High quality people don’t want to be part of mediocre teams.  A mediocre team will soon experience an exodus of its brightest and most passionate members.  First the exodus will happen intellectually and emotionally.  People will start to tune out.  The team members will still be physically part of the project, but their minds and their passions have long gone.  It is only a matter of time when they also leave physically.

Avoiding Duck Hunting

How does one avoid this problem?  The solution comes from the top.  It must establish a management system where ideas a actively solicited, and rigorously considered. 

I would suggest putting up an idea log, where ideas can be put forward, and discussed and considered, and then rejected, accepted, put on hold, modified, or otherwise acted upon is.  Having a history of ideas generated is a terrific tool for documenting lessons learned.  (Of course, depending on the organisation’s culture, this could be a terrible witch-hunting tool as well).

Save the Ducks

Next time you’re in a meeting, watch for ducks, and for one day -- just one day --  make a note to leave your gun behind and don’t bring it to the meeting.

Risk Versus Risk

One of the most critical processes in managing projects are those addressing project risks.  Some writers go so far as to call risk managent 'project management for adults'.  The implication being that if you’re not doing risk management in your project, then you’re just a kid, you haven’t grown up yet, and have no place among grown-ups (I agree with this view, by the way).

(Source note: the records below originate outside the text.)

Section InertialKM.
Variables (R : realType) (H : completeNormedModType R) (ip : H -> H -> R) (T : H -> H).
Variables (z mu e : nat -> H) (zm1 : H) (alpha lambda : nat -> R).
Variables (a lam sigma delta M SE : R).
Hypotheses (ipP : is_inner_product ip) (T_nonexp : nonexpansive T).
Hypotheses (alpha_nd : forall k, alpha k <= alpha k.+1)
  (lambda_nd : forall k, lambda k <= lambda k.+1).
Hypotheses (mu0 : mu 0%N = z 0%N + alpha 0%N *: (z 0%N - zm1))
  (muS : forall k, mu k.+1 = z k.+1 + alpha k.+1 *: (z k.+1 - z k))
  (zS : forall k, z k.+1 = mu k + lambda k *: (T (mu k) + e k - mu k)).
Hypotheses (a_bnd : 0 <= a < 1) (alpha_bnd : forall k, 0 <= alpha k <= a).
Hypotheses (lam_gt0 : 0 < lam) (sigma_gt0 : 0 < sigma) (delta_gt0 : 0 < delta).
Hypothesis lambda_bnd : forall k, lam <= lambda k /\
  lambda k <= (delta - a * (a * (1 + a) + a * delta + sigma))
              / (delta * (1 + a * (1 + a) + a * delta + sigma)).
Hypotheses (z_le : forall k, `|z k| <= M)
  (e_sum : forall n, \sum_(0 <= k < n) `|e k| <= SE).

Let a_ge0 : 0 <= a. Proof. by case/andP: a_bnd. Qed.
Let a_lt1 : a < 1. Proof. by case/andP: a_bnd. Qed.
Let alpha_ge0 k : 0 <= alpha k. Proof. by case/andP: (alpha_bnd k). Qed.
Let alpha_le k : alpha k <= a. Proof. by case/andP: (alpha_bnd k). Qed.

Definition zprev k := if k is k'.+1 then z k' else zm1.

Lemma mu_extrapolate k : mu k = z k + alpha k *: (z k - zprev k).
Proof. by case: k => [|k]; [exact: mu0 | exact: muS]. Qed.

Lemma lambda_gt0 k : 0 < lambda k.
Proof. exact: lt_le_trans lam_gt0 (lambda_bnd k).1. Qed.

Lemma lambda_rate k :
  (a + delta * lambda k) * (a * (1 + a) + a * delta + sigma) <= (1 - lambda k) * delta.
Proof.
have := (lambda_bnd k).2; set Q := a * (1 + a) + a * delta + sigma.
have -> : 1 + a * (1 + a) + a * delta + sigma = 1 + Q by rewrite /Q; ring.
have Q0 : 0 <= Q by rewrite /Q !addr_ge0 ?mulr_ge0 ?addr_ge0 // ltW.
rewrite ler_pdivlMr ?mulr_gt0 ?ltr_pwDl //; lra.
Qed.

Lemma lambda_le1 k : lambda k <= 1.
Proof.
have Q0 : 0 <= a * (1 + a) + a * delta + sigma.
  by rewrite !addr_ge0 ?mulr_ge0 ?addr_ge0 // ltW.
have ad0 : 0 <= a + delta * lambda k by rewrite addr_ge0 // mulr_ge0 // ltW ?lambda_gt0.
by have := le_trans (mulr_ge0 ad0 Q0) (lambda_rate k); rewrite pmulr_lge0 // subr_ge0.
Qed.

Lemma zprev_le k : `|zprev k| <= M + `|zm1|.
Proof.
have := normr_ge0 zm1; have := le_trans (normr_ge0 _) (z_le 0).
by case: k => [|k] /=; [lra | have := z_le k; lra].
Qed.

When asked what risk is, quite a few will give an answer that goes something like: 'a risk anything that can go wrong.'  In this view, a risk is something that can go wrong, and therefore risk management is about addressing those things that can go wrong.

But there is another, less commonly known, view of risk.   In this view, risk is something uncertain that may affect the project.  Not something necessarily bad, but something uncertain. 

Let's suppose you are planning a picnic for tomorrow.  Being an adult, you have prepared a risk management plan (your picnics may be boring, but they are predictable).  You have an entry for weather in your risk plan.  In the first view of risk, you look at the weather and look for something that could 'go wrong' that could negatively affect your picnic.  Is it going to rain tomorrow?  If there's a chance of rain, what can we do to mitigate the effects of this rain on the picnic? Perhaps bring an umbrella.  Perhaps plan to hold the picnic nearby an accessible shelter, to make escaping from the rain easier.

In the second view, we look at the weather not as something that is the harbinger of something that can go wrong, but simply something uncertain.  So there's a 50% chance of rain.  Let's prepare for that eventuality.  But there's also a 50% chance of no rain. Let's also prepare for that happy eventuality as well -- perhaps plan to go to a place with a nicer view if the weather clears up.

With this second view, risk is not simply viewed as about bad circumstances that can happen, but simply about all uncertain circumstances. Circumstances which can indeed turn out bad (and whose effects we should be ready to address), but which can also turn out good (which we should be ready to take advantage of).

In the first view, we simply prepared ourselves for the worst.  But in the second view, we also prepared ourselves for the best.